— What you should do —
Could you reproduce the lines below from the one with "have [x_ge0 _] := andP (x_bd i)." through the one with "have -> : (2"? Keep both ends and add nothing.

****************

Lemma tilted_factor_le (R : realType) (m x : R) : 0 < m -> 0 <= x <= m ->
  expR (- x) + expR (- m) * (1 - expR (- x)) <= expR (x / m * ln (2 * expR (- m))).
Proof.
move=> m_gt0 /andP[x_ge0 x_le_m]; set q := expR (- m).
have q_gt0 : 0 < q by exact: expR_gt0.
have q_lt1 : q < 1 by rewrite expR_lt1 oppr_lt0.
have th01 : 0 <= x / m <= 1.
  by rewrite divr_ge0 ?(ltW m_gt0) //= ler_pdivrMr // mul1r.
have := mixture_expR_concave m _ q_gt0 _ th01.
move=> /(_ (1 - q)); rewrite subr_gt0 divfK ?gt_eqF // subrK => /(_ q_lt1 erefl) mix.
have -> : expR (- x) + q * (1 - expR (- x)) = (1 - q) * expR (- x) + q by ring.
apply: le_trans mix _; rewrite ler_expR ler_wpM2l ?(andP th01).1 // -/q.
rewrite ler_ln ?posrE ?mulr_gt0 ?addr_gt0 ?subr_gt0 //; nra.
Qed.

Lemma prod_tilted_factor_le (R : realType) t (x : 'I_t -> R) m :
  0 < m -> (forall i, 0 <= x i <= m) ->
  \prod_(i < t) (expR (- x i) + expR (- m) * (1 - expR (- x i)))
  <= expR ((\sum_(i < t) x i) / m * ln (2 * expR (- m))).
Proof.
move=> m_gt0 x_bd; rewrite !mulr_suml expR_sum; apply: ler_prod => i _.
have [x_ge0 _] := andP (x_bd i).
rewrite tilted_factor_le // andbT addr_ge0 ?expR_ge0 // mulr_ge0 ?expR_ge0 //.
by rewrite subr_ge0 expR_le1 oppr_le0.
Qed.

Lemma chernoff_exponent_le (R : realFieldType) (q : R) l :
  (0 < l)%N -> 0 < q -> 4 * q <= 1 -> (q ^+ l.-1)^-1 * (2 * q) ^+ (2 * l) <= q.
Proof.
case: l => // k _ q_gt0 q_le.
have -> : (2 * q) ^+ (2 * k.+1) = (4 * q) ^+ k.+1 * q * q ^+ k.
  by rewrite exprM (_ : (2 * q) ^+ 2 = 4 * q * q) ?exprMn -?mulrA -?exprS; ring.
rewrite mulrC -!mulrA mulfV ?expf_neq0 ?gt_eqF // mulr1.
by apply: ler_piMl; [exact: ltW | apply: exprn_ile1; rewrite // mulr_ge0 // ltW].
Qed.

****************

— Task response —
have [x_ge0 _] := andP (x_bd i).
rewrite tilted_factor_le // andbT addr_ge0 ?expR_ge0 // mulr_ge0 ?expR_ge0 //.
by rewrite subr_ge0 expR_le1 oppr_le0.
Qed.

Lemma chernoff_exponent_le (R : realFieldType) (q : R) l :
  (0 < l)%N -> 0 < q -> 4 * q <= 1 -> (q ^+ l.-1)^-1 * (2 * q) ^+ (2 * l) <= q.
Proof.
case: l => // k _ q_gt0 q_le.
have -> : (2 * q) ^+ (2 * k.+1) = (4 * q) ^+ k.+1 * q * q ^+ k.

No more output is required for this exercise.